An
estimated 17% of Canadians are considered high-risk drinkers,
according to the 2004 Canadian Addiction Survey. Nearly
a quarter of those individuals reported that their drinking
has caused harm to themselves or to other people in their
lives. Many might be patients of yours who are desperately
looking for a way to escape the clutches of their drinking
habit. Few resources are available to people with alcohol
addiction problems. The most common therapies available
include behavioural treatments, addiction counselling
and support groups like Alcoholics Anonymous.
The opioid antagonist naltrexone
has shown it can help addicts cut down on consumption
by blocking the neural pathways through which alcohol
acts. But compliance is an issue. A new long-acting
form of the drug might offer hope to people who want
to kick the habit. A study published in the April 6
issue of the Journal of the American Medical Association
(JAMA) shows that a monthly shot of long-acting
naltrexone can help alcoholics decrease heavy drinking
episodes as they work towards overcoming their addiction.
"We know that many alcoholics have
problems with compliance with a day-to-day pill and
the injection helps address this," says study author
Dr James Garbutt of the Department of Psychology at
the University of North Carolina at Chapel Hill. "Long-acting
naltrexone is a valuable addition to our medication
toolbox because it provides a mechanism to ensure that
medication is in an individual's system for a full month."
ENCOURAGING
RESULTS
The JAMA study, funded by the biotech company
that manufactures the drug, Alkermes Inc, is one of
the largest trials to look at treatment for alcoholics.
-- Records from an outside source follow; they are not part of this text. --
Lemma sum_norm1_Mprod_Kmat_le h n tau d (hs : 'I_d -> (h.-1).-tuple (O * A))
    (y : 'cV[R]_d) :
  (1 <= h)%N -> (n + h <= H)%N -> size tau = h.-1 ->
  \sum_(s : n.-tuple (O * A))
     norm1 (Mprod m h (rev s) *m (Kmat T U hs *m y)) * pol_prob pi tau s
  <= (UA_size H U)%:R * norm1 y.
Proof.
move=> h_ge1 le_H tau_size.
have pointwise (s : n.-tuple (O * A)) :
    norm1 (Mprod m h (rev s) *m (Kmat T U hs *m y)) * pol_prob pi tau s
    <= \sum_l `|y l 0| * (UA_size H U)%:R * (pol_prob pi tau s * seq_prob T (hs l) s).
  under eq_bigr do rewrite [pol_prob _ _ _ * _]mulrC mulrA.
  rewrite -mulr_suml ler_wpM2r ?norm1_Mprod_Kmat_le ?size_tuple //.
  by apply: (pol_prob_ge0 pi_valid); rewrite size_tuple; lia.
apply: le_trans (ler_sum _ (fun s _ => pointwise s)) _.
rewrite exchange_big /= (eq_bigr (fun l => `|y l 0| * (UA_size H U)%:R)) => [|l _].
  by rewrite -mulr_suml mulrC.
rewrite -mulr_sumr (sum_pol_prob_seq_prob pi_valid T_valid) ?mulr1 ?size_tuple //; lia.
Qed.
End PSR.

Theorem lemma10 (R : realType) (O A : finType) (H : nat)
    (T : kernel R O A) (U : nat -> seq (test O A))
    (m : forall h : nat, test O A -> 'rV[R]_(size (U h)))
    (alpha : R) (pi : policy R O A) :
  0 < alpha ->
  valid_model H T ->
  (forall h, (1 <= h <= H)%N -> uniq (U h) /\ all (starts_at H h) (U h)) ->
  (forall h, (1 <= h <= H)%N -> forall t : test O A, starts_at H h t ->
     (forall tau : (h.-1).-tuple (O * A),
        Pt T tau t = (m h t *m qvec T U h tau) 0 0)
     /\ in_colK T (m h t)) ->
  (forall h, (1 <= h <= H)%N -> pinv_bound T U alpha h) ->
  (forall o : O, ([::], o) \in U H) ->
  valid_policy H pi ->
  forall (j1 j2 : nat), (1 <= j1)%N -> (j1 <= j2)%N -> (j2 <= H.-1)%N ->
  forall (tau : hist O A), size tau = j1.-1 ->
  forall x : 'cV[R]_(size (U j1)),
    \sum_(s : (j2 - j1).+1.-tuple (O * A))
       norm1 (Mprod m j1 (rev s) *m x) * pol_prob pi tau s
    <= ((UA_size H U)%:R / alpha) * norm1 x.
Proof.
move=> _ T_valid U_core m_core pinv_bounded _ pi_valid j1 j2 j1_ge1 j12 j2_le tau tau_size x.
have m_predicts h h_range t t_starts := proj1 (m_core h h_range t t_starts).
have m_colK h h_range t t_starts := proj2 (m_core h h_range t t_starts).
have j1_range : (1 <= j1 < H)%N by lia.
have [d [hs [K_bound K_proj]]] :=
  exists_core_projector U_core m_colK pinv_bounded j1_range.
set K := Kmat T U hs.
have Mprod_x (s : (j2 - j1).+1.-tuple (O * A)) :
    Mprod m j1 (rev s) *m x = Mprod m j1 (rev s) *m (K *m (pinv K *m x)).
  by rewrite (mulmxA K) mulmxA Mprod_mulmx_fixed // -size_eq0 size_rev size_tuple.
under eq_bigr do rewrite Mprod_x.
apply: le_trans (sum_norm1_Mprod_Kmat_le T_valid U_core m_predicts pi_valid
  hs _ j1_ge1 _ tau_size) _; first by lia.
rewrite -mulrA ler_wpM2l //; apply: le_trans (norm1_mulmx_le _ _) _.
by rewrite ler_wpM2r ?norm1_ge0.
Qed.
(* Let $G$ be a graph and $v$ a vertex of $G$ with degree $d_v$ in $G$. Let $G+c$ be the graph obtained by attaching to $G$ a new cycle $c$ of length $s_c\geq 3$ which shares only the vertex $v$ with $G$ (all its other vertices and edges are new). Then: (1) If $d_w\geq 2$ for every neighbor $w$ of $v$ in $G$, then \[R(G+c)-R(G)\geq \frac{\sqrt{d_v+2}-\sqrt{d_v}}{\sqrt 2}+\frac{s_c-2}{2},\] with equality if all these $d_w=2$. (2) If $d_v\geq 2$ and $d_w\leq d_v+2$ for every neighbor $w$ of $v$ in $G$, then \[R(G+c)-R(G)\leq \frac{s_c-1}{2},\] with equality if and only if $d_v=2$ and all these $d_w=4$. (3) If $d_v=1$ and the unique neighbor $w$ of $v$ satisfies $2\leq d_w\leq 3$, then \[R(G+c)-R(G)<\frac{s_c-1}{2}+0.075.\]
   Context: Graphs are finite and simple; degrees $d_w$ refer to degrees in $G$. The Randi\'c index of a graph $H$ is $R(H)=\sum_{uv\in E(H)}\frac{1}{\sqrt{d_ud_v}}$, where degrees are taken in $H$. *)

From mathcomp Require Import all_boot all_order all_algebra.
Set Implicit Arguments. Unset Strict Implicit. Unset Printing Implicit Defensive.
Import Order.TTheory GRing.Theory Num.Theory.
Local Open Scope ring_scope.

Definition simple_graph (T : finType) (e : rel T) : Prop :=
  irreflexive e /\ symmetric e.

Definition deg (T : finType) (e : rel T) (x : T) : nat := #|[set y | e x y]|.

(* Randic index: sum over edges {x,y} of 1/sqrt(d_x d_y); each unordered edge
   is counted twice in the ordered double sum, hence the factor 1/2. *)
Definition randic (R : rcfType) (T : finType) (e : rel T) : R :=
  2^-1 * \sum_(x : T) \sum_(y : T | e x y)
           (Num.sqrt ((deg e x)%:R * (deg e y)%:R))^-1.

(* G + c : attach to G a new cycle of length s through v.  The new vertices
   are inr 0, ..., inr (s-2) (there are s-1 of them); the cycle is
   v - inr 0 - inr 1 - ... - inr (s-2) - v. *)
Definition add_cycle (T : finType) (e : rel T) (v : T) (s : nat)
  : rel (T + 'I_s.-1)%type :=
  fun a b =>
    match a, b with
    | inl x, inl y => e x y
    | inl x, inr i => (x == v) && ((val i == 0%N) || (val i == s.-2))
    | inr i, inl x => (x == v) && ((val i == 0%N) || (val i == s.-2))
    | inr i, inr j => ((val i).+1 == val j) || ((val j).+1 == val i)
    end.
Arguments add_cycle {T} e v s _ _.
Arguments randic R {T} e.
Arguments deg {T} e x.
(* In each sign region of
   x, y, 1+x, 1+y, two of the four factors ((1+y) B and the three cofactors)
   are forced to have opposite signs, except for -1 < x, y < 0 and 0 < x, y,
   where one also uses A + B = x - y, resp. B + D = x (y - x). *)
Lemma sign_obstruction x y :
  0 < (1 + x) * (1 + x + y) * (1 + y - x ^+ 2) * ((1 + y) * (-1 - y + x * y)) ->
  0 < x * (x - y) * ((1 + y) * (-1 - y + x * y)) ->
  0 < (1 + x) * x * y * (1 + x - x * y) * ((1 + y) * (-1 - y + x * y)) -> False.
Proof.
move=> K1 K2 K3.
have [x0|x0|x0] := ltgtP x 0; last by move: K2; rewrite x0 !mul0r ltxx.
all: have [y0|y0|y0] := ltgtP y 0; last by move: K3; rewrite y0 mulr0 !mul0r ltxx.
- have [u0|u0|u0] := ltgtP (1 + x) 0; last by move: K1; rewrite u0 !mul0r ltxx.
    have c1 : 0 < (- (1 + x)) * (- (1 + x + y)) * (- (1 + y - x ^+ 2)).
      by rewrite !mulr_gt0 // oppr_gt0; nra.
    have c3 : 0 < (- (1 + x)) * (- x) * (- y) * (- (1 + x - x * y)).
      by rewrite !mulr_gt0 // oppr_gt0; nra.
    nra.
  have [v0|v0|v0] := ltgtP (1 + y) 0; last by move: K1; rewrite v0 mul0r !mulr0 ltxx.
    have c1 : 0 < (1 + x) * (- (1 + x + y)) * (- (1 + y - x ^+ 2)).
      by rewrite !mulr_gt0 // oppr_gt0; nra.
    have vB : 0 < (- (1 + y)) * (-1 - y + x * y) by rewrite mulr_gt0 ?oppr_gt0 //; nra.
    nra.
  have xyB : 0 < - ((x - y) * (-1 - y + x * y)).
    have c : 0 < (- x) * (1 + y) by rewrite mulr_gt0 ?oppr_gt0.
    by rewrite -(pmulr_rgt0 _ c); nra.
  have AB : 0 < (1 + x - x * y) * (-1 - y + x * y).
    have c : 0 < (1 + x) * (- x) * (- y) * (1 + y) by rewrite !mulr_gt0 ?oppr_gt0.
    by rewrite -(pmulr_rgt0 _ c); nra.
  by have := sqr_ge0 (-1 - y + x * y); nra.
- have c2 : 0 < (- x) * (y - x) by nra.
  have vB : 0 < (1 + y) * (1 + y - x * y) by rewrite mulr_gt0 //; nra.
  nra.
- have c2 : 0 < x * (x - y) by nra.
  have c3 : 0 < (1 + x) * x * (- y) * (1 + x - x * y).
    by rewrite !mulr_gt0 ?oppr_gt0 //; nra.
  nra.
- have BD : 0 < (-1 - y + x * y) * (1 + y - x ^+ 2).
    have c : 0 < (1 + x) * (1 + x + y) * (1 + y) by rewrite !mulr_gt0 //; lra.
    by rewrite -(pmulr_rgt0 _ c); nra.
  have xyB : 0 < (x - y) * (-1 - y + x * y).
    have c : 0 < x * (1 + y) by rewrite !mulr_gt0 //; lra.
    by rewrite -(pmulr_rgt0 _ c); nra.
  by have := sqr_ge0 (-1 - y + x * y); nra.
Qed.

End Signs.

Section TMap.
Variable R : realType.
Implicit Types (s x y : R) (p : R * R).

Lemma Eaff_curve s x y :
  Eaff s (x, y) -> (x + 1) * (y + 1) * (x + y + 1) = s * x * y.
Proof. by move=> /eqP; rewrite subr_eq0 => /eqP. Qed.

Lemma T_defined_neq0 x y : T_defined (x, y) ->
  [/\ 1 + x != 0, -1 - y + x * y != 0, 1 + x - y ^+ 2 != 0 & 1 + y - x ^+ 2 != 0].
Proof.
by case=> /=; rewrite !mulf_eq0 !negb_or => /andP[/andP[-> ->] ->] /andP[-> _].
Qed.

Lemma Eaff_T_defined_neq0 s x y :
  Eaff s (x, y) -> T_defined (x, y) -> x != 0 /\ y != 0.
Proof.
move=> E /T_defined_neq0[u0 B0 _ _].
split; apply/eqP => z0; move: E; rewrite /Eaff /Epoly z0 /=.
- by move: B0; rewrite z0; apply: contraNnot => E; apply/eqP; nra.
- by move: u0; apply: contraNnot => E; apply/eqP; nra.
Qed.

Lemma T_level_identity x y : T_defined (x, y) ->
  let X := (T (x, y)).1 in let Y := (T (x, y)).2 in
  (x + 1) * (y + 1) * (x + y + 1) * ((X + 1) * (Y + 1) * (X + Y + 1)) +
  x * y * (X * Y) = 0.
Proof.
by move=> /T_defined_neq0[u0 B0 C0 D0]; rewrite /T /=; field; rewrite u0 B0 C0 D0.
Qed.

Lemma Eaff_T s p : s != 0 -> T_defined p -> Eaff s p -> Eaff (- s^-1) (T p).
Proof.
case: p => x y s0 def E; have [x0 y0] := Eaff_T_defined_neq0 E def.
have := T_level_identity def; rewrite /= (Eaff_curve E) => id.
change (Epoly (- s^-1) (T (x, y)).1 (T (x, y)).2 = 0); rewrite /Epoly.
set X := (T _).1 in id *; set Y := (T _).2 in id *.
have -> : (X + 1) * (Y + 1) * (X + Y + 1) - - s^-1 * X * Y =
          (s * x * y * ((X + 1) * (Y + 1) * (X + Y + 1)) + x * y * (X * Y)) /
          (s * x * y).
  by field; rewrite s0 x0 y0.
by rewrite id mul0r.
Qed.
Researchers recruited 627 healthy participants clinically
diagnosed with alcohol dependency from 24 medical centres
across the US.
In the month prior to starting
the trial all participants had experienced at least
two incidents of heavy drinking per week defined
as five or more drinks per day for men and four or more
drinks per day for women. Clinically speaking, heavy
drinking is the leading cause of liver damage, impaired
driving, interpersonal problems and injuries.
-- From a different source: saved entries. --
Lemma realizer_stab_moved s : N1 s s = 0 ->
  \sum_m realizer N1 s m * realizer N2 s m * realizer N3 s m = 2.
Proof.
move=> N1ss.
have N2ss : N2 s s = 0.
  by apply/eqP; rewrite -[_ == 0]negbK conj_stab_supp2 N1ss eqxx.
have N3ss : N3 s s = 0.
  by apply/eqP; rewrite -[_ == 0]negbK conj_stab_supp3 N1ss eqxx.
have twist0 : twist (0 : R[i]) = 1 by rewrite /twist eq_sym oppr_eq0 oner_eq0.
have sumN : \sum_m N1 s m * N2 s m * N3 s m = 1.
  by rewrite -tensor_apply_unit N_stab /unit_tensor !eqxx.
transitivity (\sum_m ((s == m)%:R * 1 + N1 s m * N2 s m * N3 s m)).
  apply: eq_bigr => m _; rewrite !mxE N1ss N2ss N3ss twist0 rmorph1 !mul1r.
  by case: eqP => [<-|_]; rewrite ?N1ss ?N2ss ?N3ss !(addr0, add0r, mulr1, mul0r).
by rewrite big_split /= sum_nat_eq_mull sumN -mulr2n.
Qed.

Lemma realizer_stab_supp s t u : s \in S -> t \in S -> u \in S ->
  (\sum_m realizer N1 s m * realizer N2 t m * realizer N3 u m != 0)
  = (s == t) && (t == u).
Proof.
move=> Ss St Su.
case: (boolP ((s == t) && (t == u))) => [/andP[/eqP<- /eqP<-] | neq].
  case: (eqVneq (N1 s s) 0) => [/realizer_stab_moved-> | /realizer_stab_fixed ->] //.
  by rewrite pnatr_eq0.
by rewrite realizer_stab_offdiag ?eqxx.
Qed.

End ConjugateStabilizer.
(* Let $G$ be a group and $\mathcal{F}$ a family of finite subgroups of $G$. The orbit category $\mathrm{Or}(G,\mathcal{F})$ satisfies the unique factorisation property if and only if every member of $\mathcal{F}$ is a cyclic group of prime power order (different primes may occur for different members).
   Context: A family of subgroups is a non-empty set of subgroups closed under conjugation and passing to subgroups. $\mathrm{Or}(G,\mathcal{F})$ has objects $G/H$, $H\in\mathcal{F}$, and morphisms all $G$-equivariant maps; each morphism $G/H\to G/K$ is $\phi(g)\colon xH\mapsto xg^{-1}K$ for some $g$ with $gHg^{-1}\subseteq K$, unique modulo left multiplication by $K$. A morphism is unfactorisable if it is not an isomorphism and whenever $f=gh$ one of $g,h$ is an isomorphism. A category satisfies the unique factorisation property if for any two chains $x=x_0\xrightarrow{\alpha_1}\cdots\xrightarrow{\alpha_n}x_n=y$ and $x=x'_0\xrightarrow{\alpha'_1}\cdots\xrightarrow{\alpha'_{n'}}x'_{n'}=y$ of unfactorisable morphisms with equal composites, $n=n'$ and there are isomorphisms $h_i\colon x_i\to x'_i$ ($1\le i\le n-1$) with $h_1\alpha_1=\alpha'_1$, $\alpha'_nh_{n-1}=\alpha_n$ and $\alpha'_ih_{i-1}=h_i\alpha_i$ for $2\le i\le n-1$. *)

From Stdlib Require Import Arith List ZArith Znumtheory.
Import ListNotations.

Record Group := MkGroup {
  gT :> Type;
  gmul : gT -> gT -> gT;
  gone : gT;
  ginv : gT -> gT;
  gmulA : forall x y z, gmul x (gmul y z) = gmul (gmul x y) z;
  gmul1 : forall x, gmul gone x = x;
  gmulV : forall x, gmul (ginv x) x = gone
}.

Open Scope nat_scope.
Section Defs.
Variable G : Group.

Local Notation "x * y" := (gmul G x y).
Local Notation "1" := (gone G).
Local Notation "x ^-1" := (ginv G x) (at level 3).

Definition subgroup (H : G -> Prop) : Prop :=
  H 1 /\ (forall x y, H x -> H y -> H (x * y)) /\ (forall x, H x -> H x^-1).

Definition subset (A B : G -> Prop) : Prop := forall x, A x -> B x.

Definition conj_set (g : G) (H : G -> Prop) : G -> Prop :=
  fun y => exists h, H h /\ y = g * h * g^-1.

Definition has_card (H : G -> Prop) (N : nat) : Prop :=
  exists l : list G, NoDup l /\ length l = N /\ (forall x, H x <-> In x l).

Definition finite_set (H : G -> Prop) : Prop := exists N, has_card H N.

Definition family (F : (G -> Prop) -> Prop) : Prop :=
  (exists H, F H) /\
  (forall H, F H -> subgroup H) /\
  (forall H g, F H -> F (conj_set g H)) /\
  (forall H K, F H -> subgroup K -> subset K H -> F K).

Fixpoint gpow (g : G) (m : nat) : G :=
  match m with O => 1 | S m' => g * gpow g m' end.

Definition cyclic_set (H : G -> Prop) : Prop :=
  exists g, forall x, H x <-> exists m, x = gpow g m.

(* cyclic of prime power order p^k (k = 0 allowed: trivial group) *)
Definition cyclic_prime_power (H : G -> Prop) : Prop :=
  cyclic_set H /\ exists p k, prime (Z.of_nat p) /\ has_card H (p ^ k).

(* Objects: G/H with H in F (identified with H).
   A morphism G/H -> G/K is phi(g) : xH |-> x g^-1 K for some g with
   g H g^-1 <= K; phi(g) = phi(g') iff g' g^-1 in K (g unique mod left
   multiplication by K).  phi(g') o phi(g) = phi(g' g); identity = phi(1). *)
Definition is_mor (H K : G -> Prop) (g : G) : Prop := subset (conj_set g H) K.

(* equality of morphisms with target G/K *)
Definition mor_eq (K : G -> Prop) (g g' : G) : Prop := K (g' * g^-1).

Definition is_iso (H K : G -> Prop) (g : G) : Prop :=
  is_mor H K g /\ exists g', is_mor K H g' /\ mor_eq H (g' * g) 1 /\ mor_eq K (g * g') 1.

Definition unfactorisable (F : (G -> Prop) -> Prop) (H K : G -> Prop) (g : G) : Prop :=
  is_mor H K g /\ ~ is_iso H K g /\
  forall M a b, F M -> is_mor H M a -> is_mor M K b -> mor_eq K (b * a) g ->
    is_iso H M a \/ is_iso M K b.

(* a chain x_0 -a_1-> x_1 -> ... -a_n-> x_n of unfactorisable morphisms,
   objects xs 0 .. xs n, morphisms as 1 .. as n with as i : xs (i-1) -> xs i *)
Definition unf_chain (F : (G -> Prop) -> Prop) (n : nat)
  (xs : nat -> G -> Prop) (as_ : nat -> G) : Prop :=
  (forall i, i <= n -> F (xs i)) /\
  (forall i, 1 <= i <= n -> unfactorisable F (xs (i - 1)) (xs i) (as_ i)).

Fixpoint composite (as_ : nat -> G) (n : nat) : G :=
  match n with O => 1 | S m => as_ (S m) * composite as_ m end.

(* The isomorphisms h_1..h_{n-1} are
   supplemented by h_0 = h_n = identity (= phi(1)); the condition
   a'_i h_{i-1} = h_i a_i for 1 <= i <= n then encodes exactly the three
   conditions of the definition. *)
Definition unique_factorisation (F : (G -> Prop) -> Prop) : Prop :=
  forall n xs as_ n' xs' as',
    unf_chain F n xs as_ -> unf_chain F n' xs' as' ->
    xs 0 = xs' 0 -> xs n = xs' n' ->
    mor_eq (xs n) (composite as_ n) (composite as' n') ->
    n = n' /\
    exists h : nat -> G,
      h 0 = 1 /\ h n = 1 /\
      (forall i, 1 <= i <= n - 1 -> is_iso (xs i) (xs' i) (h i)) /\
      (forall i, 1 <= i <= n ->
         mor_eq (xs' i) (as' i * h (i - 1)) (h i * as_ i)).

End Defs.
The 627 participants were randomized
to receive a monthly shot of either 380mg or 190mg of
naltrexone or placebo. They also had access to 12 sessions
of low-intensity therapy during the six-month trial.
Those who received 380mg of naltrexone
per month experienced 25% fewer heavy drinking days
over the course of the trial as compared to the placebo
group. The median percent reduction in heavy drinking
days of this group was 48%. The average reduction in
the number of drinking days was even lower, as it was
less inflated by the handful of participants that drank
very heavily.
The 190mg treatment was also effective
albeit to a lesser extent than the high dose, with 17%
fewer heavy drinking days than the control group. Moreover,
at this dosage, naltrexone appears to have few side
effects like nausea, headache and fatigue. In the course
of the trial, dropout due to adverse events occurred
at a rate of 6.7% for both the 190mg naltrexone group
and placebo crowd, as compared to 14.1% in the 380mg
treatment group.
WHO
WILL IT BENEFIT?
Gender and intention to abstain before the trial were
two major factors that contributed to the success of
the naltrexone injections. Men were more positively
affected by the injections than women, although there
were too few women in the trial to determine why.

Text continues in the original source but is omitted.